Controlá tu cadencia en subidas y bajadas. En cuestas, no aceleres demasiado al principio. En lugar de pisar fuerte, mantén un ritmo constante y movete con técnica. En bajadas, relajate y dejá que el cuerpo fluya, pero sin perder el control. No te dejes llevar por la gravedad 😎.
Probá hacer "fartlek" o cambios de ritmo sin estructura fija. Por ejemplo, durante una salida de 40 minutos, acelerá por 2-3 minutos y luego volvé a un ritmo cómodo. Esto te ayuda a adaptarte a variaciones de esfuerzo sin estancarte.
Incorporá entrenamientos con cambios de ritmo en medio de tus salidas largas. No es solo un entrenamiento para velocidad; también mejora la resistencia y enseña a gestionar el esfuerzo en distancias largas.
Escuchá a tu cuerpo. Si hay dolor punzante o algo fuera de lo normal, no ignores las señales. La diferencia entre una pequeña molestia y una lesión grave es tu capacidad de prevención. Escuchá y tomá un día de descanso si hace falta.

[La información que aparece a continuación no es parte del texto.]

(* Let $p(bc\mid yz)$ be a bipartite conditional probability distribution with binary settings $y,z\in\{0,1\}$ and binary outcomes $b,c\in\{0,1\}$ which is nonsignalling, i.e. $\sum_c p(bc\mid yz)$ does not depend on $z$ and $\sum_b p(bc\mid yz)$ does not depend on $y$. Then $$\frac14\sum_{y,z\in\{0,1\}} p(b\oplus c = yz\mid yz) \;\leq\; \frac54 - \frac12\, p(b=0\mid y=0),$$ where $p(b=0\mid y=0)=\sum_c p(b=0,c\mid y=0,z)$ (independent of $z$ by nonsignalling).
   Context: $\oplus$ denotes addition modulo 2, and $p(b\oplus c = yz\mid yz)=\sum_{b,c:\, b\oplus c = yz} p(bc\mid yz)$. *)

(* A bipartite conditional distribution with binary settings
   and outcomes is a function p b c y z (outcomes b c, settings y z), 0 = false. *)
From mathcomp Require Import all_boot all_order all_algebra.
Set Implicit Arguments. Unset Strict Implicit. Unset Printing Implicit Defensive.
Import Order.TTheory GRing.Theory Num.Theory.
Local Open Scope ring_scope.

Definition cond_prob (R : realFieldType) (p : bool -> bool -> bool -> bool -> R) : Prop :=
  (forall b c y z, 0 <= p b c y z) /\
  (forall y z, \sum_(b : bool) \sum_(c : bool) p b c y z = 1).

Definition nonsignalling (R : realFieldType) (p : bool -> bool -> bool -> bool -> R) : Prop :=
  (forall b y z z', \sum_(c : bool) p b c y z = \sum_(c : bool) p b c y z') /\
  (forall c z y y', \sum_(b : bool) p b c y z = \sum_(b : bool) p b c y' z).

Definition p_win (R : realFieldType) (p : bool -> bool -> bool -> bool -> R) (y z : bool) : R :=
  \sum_(b : bool) \sum_(c : bool | addb b c == (y && z)) p b c y z.

(* p(b = 0 | y = 0), computed at z = 0 (independent of z by nonsignalling) *)
Definition pA0 (R : realFieldType) (p : bool -> bool -> bool -> bool -> R) : R :=
  \sum_(c : bool) p false c false false.

(** For a joint distribution q of two bits b, c and any t,
    P(b = 0) - P(c = t) = q(0, ~t) - q(1, t), and both atoms lie outside the
    event b (+) c = t; hence P(b (+) c = t) <= 1 - |P(b = 0) - P(c = t)|.
    By nonsignalling the four settings share the marginals b0(y) = P(b = 0 | y)
    and c0(z) = P(c = 0 | z), and the four distances in these bounds dominate
    the telescoping sum
    (b0(0) - c0(0)) + (c0(0) - b0(1)) + (b0(1) - (1 - c0(1))) + (b0(0) - c0(1))
    = 2 b0(0) - 1,
    so the four winning probabilities add up to at most 5 - 2 b0(0). *)
From mathcomp Require Import all_boot all_order all_algebra.
From mathcomp Require Import lra.
Set Implicit Arguments. Unset Strict Implicit. Unset Printing Implicit Defensive.
Import Order.TTheory GRing.Theory Num.Theory.
Local Open Scope ring_scope.

Definition fst_marginal (R : realFieldType) (q : bool -> bool -> R) (b : bool) : R :=
  \sum_(c : bool) q b c.

Definition snd_marginal (R : realFieldType) (q : bool -> bool -> R) (c : bool) : R :=
  \sum_(b : bool) q b c.

Section BitPair.

Variables (R : realFieldType) (q : bool -> bool -> R).
Hypothesis q_ge0 : forall b c, 0 <= q b c.
Hypothesis q_sum1 : \sum_(b : bool) \sum_(c : bool) q b c = 1.

Lemma snd_marginal_sum1 : snd_marginal q false + snd_marginal q true = 1.
Proof. by rewrite -q_sum1 exchange_big big_bool addrC. Qed.

Lemma parity_prob_add_dist_le (t : bool) :
  \sum_(b : bool) \sum_(c : bool | addb b c == t) q b c
    + `|fst_marginal q false - snd_marginal q t| <= 1.
Proof.
rewrite addrC -lerBrDr ler_norml /fst_marginal /snd_marginal.
rewrite big_bool !(big_mkcond (fun c => _ == t)) /=.
move: q_sum1; rewrite !big_bool /=.
have := q_ge0 false false; have := q_ge0 false true.
have := q_ge0 true false; have := q_ge0 true true.
by case: t => /= *; apply/andP; split; lra.
Qed.

End BitPair.

Theorem lemma1 (R : realFieldType) (p : bool -> bool -> bool -> bool -> R) :
  cond_prob p -> nonsignalling p ->
  4^-1 * (\sum_(y : bool) \sum_(z : bool) p_win p y z) <= 5 / 4 - 2^-1 * pA0 p.
Proof.
move=> [p_ge0 p_sum1] [ns_fst ns_snd].
pose pb0 y z := fst_marginal (fun b c => p b c y z) false.
pose pc y z t := snd_marginal (fun b c => p b c y z) t.
have win_le y z : p_win p y z + `|pb0 y z - pc y z (y && z)| <= 1.
  exact: parity_prob_add_dist_le (fun b c => p_ge0 b c y z) (p_sum1 y z) (y && z).
have pb0_00 : pb0 false false = pA0 p by [].
have pb0_01 : pb0 false true = pb0 false false := ns_fst false false true false.
have pb0_11 : pb0 true true = pb0 true false := ns_fst false true true false.
have pc0_10 : pc true false false = pc false false false := ns_snd false false true false.
have pc0_01 : pc false true false = pc true true false := ns_snd false true false true.
have pc_11 : pc true true false + pc true true true = 1 := snd_marginal_sum1 (p_sum1 true true).
have := ler_norm (pb0 false false - pc false false false).
have := ler_norm (pc true false false - pb0 true false); rewrite distrC.
have := ler_norm (pb0 true true - pc true true true).
have := ler_norm (pb0 false true - pc false true false).
have := win_le false false; have := win_le false true.
have := win_le true false; have := win_le true true.
rewrite !big_bool /=.
lra.
Qed.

El core es la base de todo. Hacé 2-3 veces a la semana ejercicios como planchas laterales, puentes de glúteos, y bird dogs para mantener una buena postura y estabilidad durante la carrera.
Probá hacer un par de "tiradas largas" a un ritmo más lento, pero con distancias progresivas. Por ejemplo, empezar con 12 km a ritmo suave y, luego de algunas semanas, aumentar hasta 18 km. Eso te mejora la resistencia sin que te agarre el cansancio tan rápido.